Hugh’s Fish Fight – a British television award winner – aims to stop the enormous numbers of fish that are discarded dead or dying back into the North Sea every year. Since he began his campaign on British TV in January, Hugh has gathered thousands of supporters from all around Europe.
He has created an astonishing momentum behind his campaign – so much so that when he arrived in Brussels he carried with him a petition signed by more than 67,500 people.
Hugh is clear about his mission. He says: “It is to end the insanely wasteful practice of discarding thousands of tonnes of fine, edible fish at sea. The activity is scandalous.”
The facts speak for themselves. Globally, about 8% of catches are discarded. But in the North Sea as much as 40% to 60% of catches are believes to be dumped back into the water either dead or dying. Worse, discarded fish are not counted against the fishermen’s quotas.
The EU management system is based on landings not catches. Norway, Iceland, the Faroe Islands and Russia have discard bans in place, but in the EU you are free to dump at sea whatever you don’t find a use for. Why does EFTTA agree with Hugh that this has to change? There are several reasons, but most importantly, of course, is that we need to achieve healthy fish stocks in our part of the world. That is very much needed as 80% of the commercially exploited European fish stocks are overfished.
But there is more to our support than that. The discards amount to more than the total number of fish anglers remove from the sea. But, because we anglers take fish from the sea, we have been dragged into the discard and overfishing debate.

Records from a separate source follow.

(* Let $N\ge1$, $v>0$, $\varepsilon>0$, $L_1>0$ and $L_2=1$. Consider the continuous-time Markov chain $(N(t),W(t))$ on $\{0,\dots,N\}\times\{A,I\}$ with transition rates $(k,A)\to(k+1,A)$ at rate $(N-k)v$, $(k,A)\to(k-1,A)$ at rate $k$, $(k,I)\to(k+1,I)$ at rate $\varepsilon(N-k)v$, $(k,I)\to(k-1,I)$ at rate $k$, $(k,I)\to(k,A)$ at rate $L_2$, and $(k,A)\to(k,I)$ at rate $L_1\varepsilon^k$. Then the stationary marginal distribution of $N(t)$ is $$\bar\pi(k)=\frac{\binom Nk(\frac{v}{1+v})^k(\frac{1}{1+v})^{N-k}}{1+(\frac{1+\varepsilon v}{1+v})^NL_1}+\frac{\binom Nk(\frac{\varepsilon v}{1+\varepsilon v})^k(\frac{1}{1+\varepsilon v})^{N-k}}{1+(\frac{1+v}{1+\varepsilon v})^NL_1^{-1}},\qquad k=0,\dots,N,$$ a mixture of the binomial distributions $\mathcal B(N,\frac{v}{1+v})$ and $\mathcal B(N,\frac{\varepsilon v}{1+\varepsilon v})$.
   Context: This is a model of allosteric multisite phosphorylation: $N(t)$ is the number of phosphorylated sites among $N$, $W(t)\in\{A,I\}$ is the active/inactive state of the protein, $v$ is the kinase/ligand concentration. *)

(* States of the chain: (k, w) with k : 'I_N.+1 and
   w : bool, where true = A (active), false = I (inactive). *)
From HB Require Import structures.
From mathcomp Require Import all_boot all_order all_algebra.
Set Implicit Arguments. Unset Strict Implicit. Unset Printing Implicit Defensive.
Import Order.TTheory GRing.Theory Num.Theory.
Local Open Scope ring_scope.

Definition state (N : nat) : finType := ('I_N.+1 * bool)%type.

Definition rate (R : realFieldType) (N : nat) (v eps L1 : R)
    (x y : state N) : R :=
  let: (i, a) := x in let: (j, b) := y in
  if a == b then
    if val j == (val i).+1 then (N - val i)%:R * (if a then v else eps * v)
    else if val i == (val j).+1 then (val i)%:R
    else 0
  else if val i == val j then (if a then L1 * eps ^+ val i else 1)
  else 0.

Definition stationary (R : realFieldType) (N : nat) (v eps L1 : R)
    (pi : state N -> R) : Prop :=
  (forall x, 0 <= pi x) /\ (\sum_x pi x = 1) /\
  (forall y, \sum_(x | x != y) pi x * rate v eps L1 x y
             = pi y * \sum_(x | x != y) rate v eps L1 y x).

Definition pibar (R : realFieldType) (N : nat) (v eps L1 : R) (k : nat) : R :=
  'C(N, k)%:R * (v / (1 + v)) ^+ k * (1 / (1 + v)) ^+ (N - k)
    / (1 + ((1 + eps * v) / (1 + v)) ^+ N * L1)
  + 'C(N, k)%:R * (eps * v / (1 + eps * v)) ^+ k * (1 / (1 + eps * v)) ^+ (N - k)
    / (1 + ((1 + v) / (1 + eps * v)) ^+ N * L1^-1).

(** The chain is reversible: the weight
      mu (k, A) = C(N,k) v^k,   mu (k, I) = L1 C(N,k) (eps v)^k
    satisfies detailed balance (in particular [L1 eps^k] is exactly the
    ratio mu (k, I) / mu (k, A)), so mu, normalised by its total mass
    (1 + v)^N + L1 (1 + eps v)^N, is stationary.  Conversely, for any
    stationary pi the ratio pi / mu is harmonic for the chain, so by the
    maximum principle it is constant along every positive-rate transition;
    the chain is irreducible, hence pi is proportional to mu.  Summing
    mu (k, A) + mu (k, I) and dividing by the total mass gives pibar. *)

From HB Require Import structures.
From mathcomp Require Import all_boot all_order all_algebra.
From mathcomp Require Import ring.
Import Order.TTheory GRing.Theory Num.Theory.
Set Implicit Arguments. Unset Strict Implicit. Unset Printing Implicit Defensive.
Local Open Scope ring_scope.

Section ReversibleChain.

Variables (R : realFieldType) (T : finType) (q : T -> T -> R) (mu : T -> R).
Hypothesis q_ge0 : forall x y, 0 <= q x y.
Hypothesis mu_gt0 : forall x, 0 < mu x.
Hypothesis q_reversible : forall x y, mu x * q x y = mu y * q y x.

Definition balanced (pi : T -> R) : Prop :=
  forall y, \sum_(x | x != y) pi x * q x y = pi y * \sum_(x | x != y) q y x.

Definition positive_rate : rel T := [rel x y | q x y != 0].

Lemma balanced_scaled_weight (c : R) : balanced (fun x => mu x * c).
Proof.
move=> y; rewrite mulr_sumr; apply: eq_bigr => x _.
by rewrite mulrAC q_reversible mulrAC.
Qed.

Lemma balanced_harmonic (pi : T -> R) : balanced pi ->
  forall y, \sum_(x | x != y) q y x * (pi y / mu y - pi x / mu x) = 0.
Proof.
move=> bal y; have mu_neq0 z : mu z != 0 by rewrite gt_eqF.
have flux : \sum_(x | x != y) pi x / mu x * q y x
    = pi y / mu y * \sum_(x | x != y) q y x.
  apply: (mulfI (mu_neq0 y)); rewrite [RHS]mulrA [mu y * (_ / _)]mulrC divfK // -bal.
  rewrite mulr_sumr; apply: eq_bigr => x _.
  by rewrite mulrCA -q_reversible mulrA divfK.
rewrite (eq_bigr (fun x => pi y / mu y * q y x - pi x / mu x * q y x)).
  by rewrite big_split /= sumrN -mulr_sumr flux subrr.
by move=> x _; rewrite mulrBr mulrC [q y x * _]mulrC.
Qed.

Lemma balanced_max_step (pi : T -> R) (M : R) : balanced pi ->
  (forall z, pi z / mu z <= M) ->
  forall y x, positive_rate y x -> pi y / mu y = M -> pi x / mu x = M.
Proof.
move=> bal le_M y x /= qyx_neq0 hyM.
have [-> //|x_neq_y] := eqVneq x y.
have := balanced_harmonic bal y; rewrite hyM => /psumr_eq0P vanish.
have terms_ge0 z : z != y -> 0 <= q y z * (M - pi z / mu z).
  by move=> _; rewrite mulr_ge0 ?subr_ge0.
have /eqP := vanish terms_ge0 x x_neq_y.
by rewrite mulf_eq0 (negbTE qyx_neq0) subr_eq0 => /eqP <-.
Qed.

Lemma positive_rate_sym : symmetric positive_rate.
Proof.
have weighted_eq0 x y : (mu x * q x y == 0) = (q x y == 0).
  by rewrite mulf_eq0 gt_eqF.
by move=> x y; rewrite /positive_rate /= -weighted_eq0 q_reversible weighted_eq0.
Qed.

Lemma balanced_proportional (pi : T -> R) (x0 : T) : balanced pi ->
  (forall x y, connect positive_rate x y) -> exists c, forall x, pi x = c * mu x.
Proof.
move=> bal irreducible.
have [M le_M [m hmM]] :
    exists2 M, forall z, pi z / mu z <= M & exists m, pi m / mu m = M.
  have [m _ le_m] := @arg_maxP _ _ _ x0 xpredT (fun z => pi z / mu z) isT.
  by exists (pi m / mu m) => [z|]; [exact: le_m | exists m].
exists M => x; suff <- : pi x / mu x = M by rewrite divfK // gt_eqF.
have /connectP[p m_p ->] := irreducible m x.
elim: p m m_p hmM => [|y p IH] z //= /andP[zy y_p] hzM.
exact: IH y_p (balanced_max_step bal le_M zy hzM).
Qed.

End ReversibleChain.

Section AllostericChain.

Variables (R : realFieldType) (N : nat) (v eps L1 : R).
Hypotheses (v_gt0 : 0 < v) (eps_gt0 : 0 < eps) (L1_gt0 : 0 < L1).

Definition weight (x : state N) : R :=
  let: (i, a) := x in
  (if a then 1 else L1) * ('C(N, val i)%:R * (if a then v else eps * v) ^+ val i).

Lemma rate_ge0 (x y : state N) : 0 <= rate v eps L1 x y.
Proof.
move: x y => [i [|]] [j [|]]; rewrite /rate /=; repeat case: ifP => _;
by rewrite ?mulr_ge0 ?exprn_ge0 ?ler0n ?ler01 ?(ltW v_gt0) ?(ltW eps_gt0) ?(ltW L1_gt0).
Qed.

Lemma weight_gt0 (x : state N) : 0 < weight x.
Proof.
case: x => i a; have C_gt0 : 0 < 'C(N, i)%:R :> R.
  by rewrite ltr0n bin_gt0 -ltnS.
by case: a; rewrite /= ?mul1r ?mulr_gt0 ?exprn_gt0 ?mulr_gt0.
Qed.

Lemma binomial_step (i : nat) (c : R) :
  'C(N, i)%:R * c ^+ i * ((N - i)%:R * c) = 'C(N, i.+1)%:R * c ^+ i.+1 * i.+1%:R.
Proof.
have := congr1 (fun n => n%:R : R) (mul_bin_left N i); rewrite /= !natrM => binE.
rewrite exprS; transitivity ((N - i)%:R * 'C(N, i)%:R * (c * c ^+ i)); first by ring.
by rewrite -binE; ring.
Qed.

Lemma rate_reversible (x y : state N) :
  weight x * rate v eps L1 x y = weight y * rate v eps L1 y x.
Proof.
move: x y => [i a] [j b]; rewrite /rate /weight /=.
move: (val i) (val j) => {}i {}j; rewrite [b == a]eq_sym.
have [<-{b}|a_neq_b] := eqVneq a b; last first.
  have [<-{j}|_] := eqVneq i j; last by rewrite !mulr0.
  by case: a b a_neq_b => [] [] //= _; rewrite exprMn; ring.
set c := if a then v else eps * v.
have [->{j}|_] := eqVneq j i.+1.
  by rewrite ltn_eqF // -[LHS]mulrA binomial_step mulrA.
have [->{i}|_] := eqVneq i j.+1; last by rewrite !mulr0.
by rewrite -[RHS]mulrA binomial_step !mulrA.
Qed.

Lemma rate_down_neq0 (i j : 'I_N.+1) (b : bool) :
  val i = (val j).+1 -> rate v eps L1 (i, b) (j, b) != 0.
Proof. by move=> ij; rewrite /rate eqxx ij ltn_eqF // eqxx pnatr_eq0. Qed.

Lemma rate_activate_neq0 (i : 'I_N.+1) : rate v eps L1 (i, false) (i, true) != 0.
Proof. by rewrite /rate /= eqxx oner_neq0. Qed.

Lemma connect_to_origin (x : state N) :
  connect (positive_rate (rate v eps L1)) x (ord0, true).
Proof.
case: x => i b; move: {2}(val i) (erefl (val i)) => n; elim: n i => [|n IH] i vi.
  have -> : i = ord0 by apply: val_inj.
  by case: b; [exact: connect0 | apply: connect1; exact: rate_activate_neq0].
have ltnN : (n < N.+1)%N by apply: ltnW; rewrite -vi ltn_ord.
apply: connect_trans (IH (Ordinal ltnN) erefl).
by apply/connect1/rate_down_neq0.
Qed.

Lemma rate_irreducible (x y : state N) :
  connect (positive_rate (rate v eps L1)) x y.
Proof.
have sym := sym_connect_sym (positive_rate_sym weight_gt0 rate_reversible).
by rewrite (connect_trans (connect_to_origin x)) // sym connect_to_origin.
Qed.

Lemma total_weight :
  \sum_(x : state N) weight x = (1 + v) ^+ N + L1 * (1 + eps * v) ^+ N.
Proof.
rewrite (eq_bigr (fun p : state N => weight (p.1, p.2))); last by case.
rewrite -(pair_bigA _ (fun i b => weight (i, b))) /=.
rewrite (eq_bigr (fun i : 'I_N.+1 =>
  'C(N, i)%:R * v ^+ i + L1 * ('C(N, i)%:R * (eps * v) ^+ i))); last first.
  by move=> i _; rewrite big_bool /= mul1r.
rewrite big_split /= -mulr_sumr !(addrC 1) !exprD1n.
by congr (_ + L1 * _); apply: eq_bigr => i _; rewrite mulr_natl.
Qed.

Lemma total_weight_gt0 : 0 < \sum_(x : state N) weight x.
Proof. by rewrite total_weight addr_gt0 ?mulr_gt0 ?exprn_gt0 ?addr_gt0 ?mulr_gt0. Qed.

Lemma weight_stationary :
  stationary v eps L1 (fun x => weight x / \sum_(y : state N) weight y).
Proof.
split; [|split].
- by move=> x; rewrite divr_ge0 ?ltW ?weight_gt0 ?total_weight_gt0.
- by rewrite -mulr_suml mulfV // gt_eqF // total_weight_gt0.
- exact: balanced_scaled_weight rate_reversible _.
Qed.

Lemma stationary_weight (pi : state N -> R) : stationary v eps L1 pi ->
  forall x, pi x = weight x / \sum_(y : state N) weight y.
Proof.
move=> [_ [sum_pi bal]].
have [c pi_c] := balanced_proportional rate_ge0 weight_gt0 rate_reversible
  (ord0, true) bal rate_irreducible.
have cE : c = (\sum_(y : state N) weight y)^-1.
  apply: (mulIf (lt0r_neq0 total_weight_gt0)); rewrite mulVf ?gt_eqF ?total_weight_gt0 //.
  by rewrite mulr_sumr -sum_pi; apply: eq_bigr => x _; rewrite pi_c.
by move=> x; rewrite pi_c cE mulrC.
Qed.

Lemma expr_div_complement (n k : nat) (a b : R) : (k <= n)%N -> b != 0 ->
  (a / b) ^+ k * (1 / b) ^+ (n - k) = a ^+ k / b ^+ n.
Proof.
move=> le_kn b_neq0; rewrite -{2}(subnKC le_kn) exprD !expr_div_n expr1n.
by field; rewrite ?expf_neq0.
Qed.

Lemma pibar_weightE (k : 'I_N.+1) :
  pibar N v eps L1 k = (weight (k, true) + weight (k, false))
                       / ((1 + v) ^+ N + L1 * (1 + eps * v) ^+ N).
Proof.
have le_kN : (k <= N)%N by rewrite -ltnS.
rewrite /pibar -!(mulrA 'C(N, k)%:R) !expr_div_complement ?gt_eqF
  ?addr_gt0 ?mulr_gt0 // !expr_div_n /weight mul1r.
set X := (1 + v) ^+ N; set Y := (1 + eps * v) ^+ N.
have X_gt0 : 0 < X by rewrite exprn_gt0 // addr_gt0.
have Y_gt0 : 0 < Y by rewrite exprn_gt0 // addr_gt0 // mulr_gt0.
have XY_neq0 : X + L1 * Y != 0 by rewrite gt_eqF // addr_gt0 // mulr_gt0.
have YX_neq0 : Y * L1 + X != 0 by rewrite addrC mulrC.
by field; rewrite XY_neq0 !gt_eqF.
Qed.

End AllostericChain.

Unset Implicit Arguments.

Theorem proposition1 (R : realFieldType) (N : nat) (v eps L1 : R)
    (hN : (1 <= N)%N) (hv : 0 < v) (heps : 0 < eps) (hL1 : 0 < L1) :
  (exists pi : state N -> R, stationary v eps L1 pi) /\
  (forall pi : state N -> R, stationary v eps L1 pi ->
     forall k : 'I_N.+1, pi (k, true) + pi (k, false) = pibar N v eps L1 k).
Proof.
split; first by eexists; exact: weight_stationary.
move=> pi pi_stat k.
rewrite !(stationary_weight hv heps hL1 pi_stat) -mulrDl.
by rewrite pibar_weightE // total_weight.
Qed.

At ever-increasing speed we are being denied access to fishing spots and presented with all kinds of measures to limit our fishing for no good reason other than a failure of EU and national commercial fisheries management systems.
So there is another more selfish reason to join the campaign: less discards means better mortality data, means better management of the commercial sector, means less pressure on the recreational angling sector.
Campaigns like Hugh’s Fish Fight are needed to generate the political will to solve the discard problem. If politicians don’t feel the pressure from the public, history tells us that not much will happen – if anything at all.
We just have to be careful that we are not caught unfairly in the discard debate and made part of the problem.
Some scientists don’t make a difference between fish anglers release and commercial discards. EFTTA has made sure to counter these conclusions. The term discards does not belong to the recreational fisheries vocabulary. Anglers don’t discard fish. They release fish – obligatory or voluntarily. Fish released by anglers are widely accepted as a positive contribution to conservation of fish stocks and we want that still to be the case.